Friday, Jul. 28, 1967
TELEVISION
Thursday, July 27
CBS THURSDAY NIGHT MOVIES (CBS, 9-11 p.m.).* Dean Martin plays it straight in Lillian Hellman's Toys in the Attic (1963), also featuring Geraldine Page, Wendy Hiller, Gene Tierney and Yvette Mimieux.
SUMMER FOCUS (ABC, 10-11 p.m.). The Mamas and The Papas, Dionne Warwick, Simon and Garfunkel, Johnny Mercer and Burt Bacharach get together in "The song-makers," explaining how they test--and play to--the public's ever-changing taste. Repeat.
Friday, July 28
THE AVENGERS (ABC, 10-11 p.m.). John Steed and Emma Peel in the jungles of London on the trail of some crooked cats.
Saturday, July 29
ABC'S WIDE WORLD OF SPORTS (ABC, 5-6:30 p.m.). Highlights of the swimming and track-and-field events at the Pan American games, live from Winnipeg, Canada.

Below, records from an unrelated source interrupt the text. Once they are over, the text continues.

(* Let $X$ be an infinite set with a metric $d$ inducing the discrete topology and having bounded geometry, equipped with the counting measure. Let $\xi$ be a filter on $X$ and $T\in\mathscr{E}(X)$. Then $$T\in\mathscr{G}_\xi(X)\iff\lim_{x\to\xi}\ \sup_{y,z\in B_x(r)}|\langle y,Tz\rangle|=0\ \text{for all } r>0.$$ Moreover, if $\xi$ is coarse, then $\mathscr{G}_\xi(X)=\{T\in\mathscr{E}(X):\lim_{x,y\to\xi}\langle x,Ty\rangle=0\}$.
   Context: Bounded geometry: for every $r>0$ the number of points of $B_x(r)=\{y:d(x,y)\le r\}$ is bounded by a constant independent of $x$. $L^2(X)=\ell^2(X)$ and each $x\in X$ is identified with the basis vector $\mathbf{1}_{\{x\}}$, so $\langle x,Ty\rangle$ is the matrix coefficient of $T$. $\mathbf{1}_A$ is multiplication by the characteristic function of $A$. A kernel $k$ on $X\times X$ is controlled if $k(x,y)=0$ whenever $d(x,y)>r$ for some $r$; $\mathscr{E}(X)$ is the norm closure of the operators $(Op(k)f)(x)=\sum_y k(x,y)f(y)$ with $k$ bounded, uniformly continuous and controlled. For a filter $\xi$, $\lim_{x\to\xi}f(x)=0$ means $\{x:|f(x)|<\varepsilon\}\in\xi$ for each $\varepsilon>0$, and $\lim_{x,y\to\xi}g(x,y)=0$ means that for each $\varepsilon>0$ there is $F\in\xi$ with $|g(x,y)|<\varepsilon$ for all $x,y\in F$. $\mathscr{G}_\xi(X)=\{T\in\mathscr{E}(X):\lim_{x\to\xi}\|\mathbf{1}_{B_x(r)}T\|=0\ \forall r>0\}$. With $F^{(r)}=\{x:\inf_{y\notin F}d(x,y)>r\}$, $\xi$ is coarse if $F\in\xi\Rightarrow F^{(r)}\in\xi$ for all $r>0$. *)

From HB Require Import structures.
From mathcomp Require Import all_boot all_order all_algebra.
From mathcomp Require Import all_classical all_reals all_analysis.
From mathcomp Require Import complex.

SATURDAY NIGHT AT THE MOVIES (NBC, 9-11:30 p.m.). The Ugly American (1963), with Marlon Brando acting the part in Southeast Asia.
ABC NEWS SCOPE (10:30-11 p.m.). "This Is Saigon," the sights, sounds and strategic value of one of the world's most crowded--and dangerous--cities.
Sunday, July 30
CAMERA THREE (CBS, 11-11:30 a.m.). "La Belle Epoque: The Boyhood Photos of J. H. Lartigue," the famous French photographer whose pictures chronicle the peaceful period before World War I.

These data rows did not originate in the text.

Lemma flat_pow_le_linear k h : 0 < h -> 0 <= flat_pow k h <= INR (S k) ^ S k * h.
Proof.
  intros Hh. assert (Hi : 0 < / h) by (apply Rinv_0_lt_compat; lra).
  pose proof (exp_pos (/ h)) as He.
  pose proof (pow_le_exp k (/ h) (Rlt_le _ _ Hi)) as B. simpl in B.
  unfold flat_pow. rewrite exp_Ropp. split.
  - apply Rmult_le_pos; [left; apply Rinv_0_lt_compat; lra | apply pow_le; lra].
  - apply Rmult_le_reg_r with (exp (/ h) * / h); [nra|].
    replace (/ exp (/ h) * (/ h) ^ k * (exp (/ h) * / h)) with (/ h * (/ h) ^ k)
      by (field; lra).
    replace (INR (S k) ^ S k * h * (exp (/ h) * / h)) with (INR (S k) ^ S k * exp (/ h))
      by (field; lra).
    exact B.
Qed.

Lemma flat_eq0 k s : s <= 0 -> flat k s = 0.
Proof. intros Hs. unfold flat. destruct (Rle_dec s 0); [auto | lra]. Qed.

Lemma flat_eq_pow k s : 0 < s -> flat k s = flat_pow k s.
Proof. intros Hs. unfold flat. destruct (Rle_dec s 0); [lra | auto]. Qed.

Lemma is_derive_flat_at0 k : is_derive (flat k) 0 0.
Proof.
  set (C := INR (S (S k)) ^ S (S k)).
  assert (HC : 0 < C) by (apply pow_lt, lt_0_INR; lia).
  apply is_derive_Reals. intros eps Heps.
  exists (mkposreal (eps / C) (Rdiv_lt_0_compat _ _ Heps HC)). simpl.
  intros h Hh0 Hh. rewrite Rplus_0_l, (flat_eq0 k 0) by lra.
  destruct (Rle_dec h 0) as [Hn|Hp].
  - rewrite flat_eq0 by lra.
    replace ((0 - 0) / h - 0) with 0 by (field; lra). rewrite Rabs_R0. auto.
  - rewrite flat_eq_pow by lra.
    replace ((flat_pow k h - 0) / h - 0) with (flat_pow (S k) h)
      by (unfold flat_pow; simpl; field; lra).
    destruct (flat_pow_le_linear (S k) h) as [B1 B2]; [lra|]. fold C in B2.
    rewrite Rabs_pos_eq by auto. rewrite Rabs_pos_eq in Hh by lra.
    apply Rmult_lt_compat_l with (r := C) in Hh; auto.
    replace (C * (eps / C)) with eps in Hh by (field; lra). lra.
Qed.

DISCOVERY '67 (ABC, 11:30 a.m. to noon). A searching study of aviation yesterday, today and in the sky-cluttered future, topped by a ride in the cockpit of a Boeing 727 jetliner.
NATIONAL PROFESSIONAL SOCCER (CBS, 2:30-4:30 p.m.). The Atlanta Chiefs v. the Philadelphia Spartans, at Temple University Stadium in Philadelphia.
SPORTSMAN'S HOLIDAY (NBC, 5:30-6 p.m.). The fishiest of stories: salmon in New Brunswick, Canada; sawfish in Central America's Lake Nicaragua; ice fishing in New York State.
THE 215T CENTURY (CBS, 6-6:30 p.m.). "Autos, Autos, Everywhere" explores what's new in the world of automobiles and what the auto of tomorrow might look like. Repeat.
Monday, July 31
NBC NEWS SPECIAL (NBC, 8-9 p.m.). "Khrushchev in Exile--His Opinions and Revelations Today," produced by a special NBC team, features the first full-length interview since the downfall of the Russian leader in 1964. Repeat.
Tuesday, August 1
CBS NEWS SPECIAL (CBS, 10-11 p.m.). "The Tenement" focuses on nine families living an impoverished existence in a predominantly Negro slum neighborhood isolated from mainstream Chicago. Repeat.
NET PLAYHOUSE (shown on Fridays). The Victorians: Still Waters Run Deep. It's oung John Mildmay, not the loud-talking Captain Hawksley, who shows his mettle during a petticoat crisis in this drawing-room comedy.
THEATER
Some proven Broadway crowd pleasers for the vacationers flocking into New York, drawn by the city's social and cultural features:
YOU KNOW I CAN'T HEAR YOU WHEN THE WATER'S RUNNING is a comedy hit by Robert Anderson (Tea and Sympathy) that deals with a common human preoccupation--sex. In four playlets, Martin Balsam, Eileen Heckart and George Grizzard make faces at sex, or shed tears over it, spoof it or sneer at it. The audience, for the most part, just laughs at it.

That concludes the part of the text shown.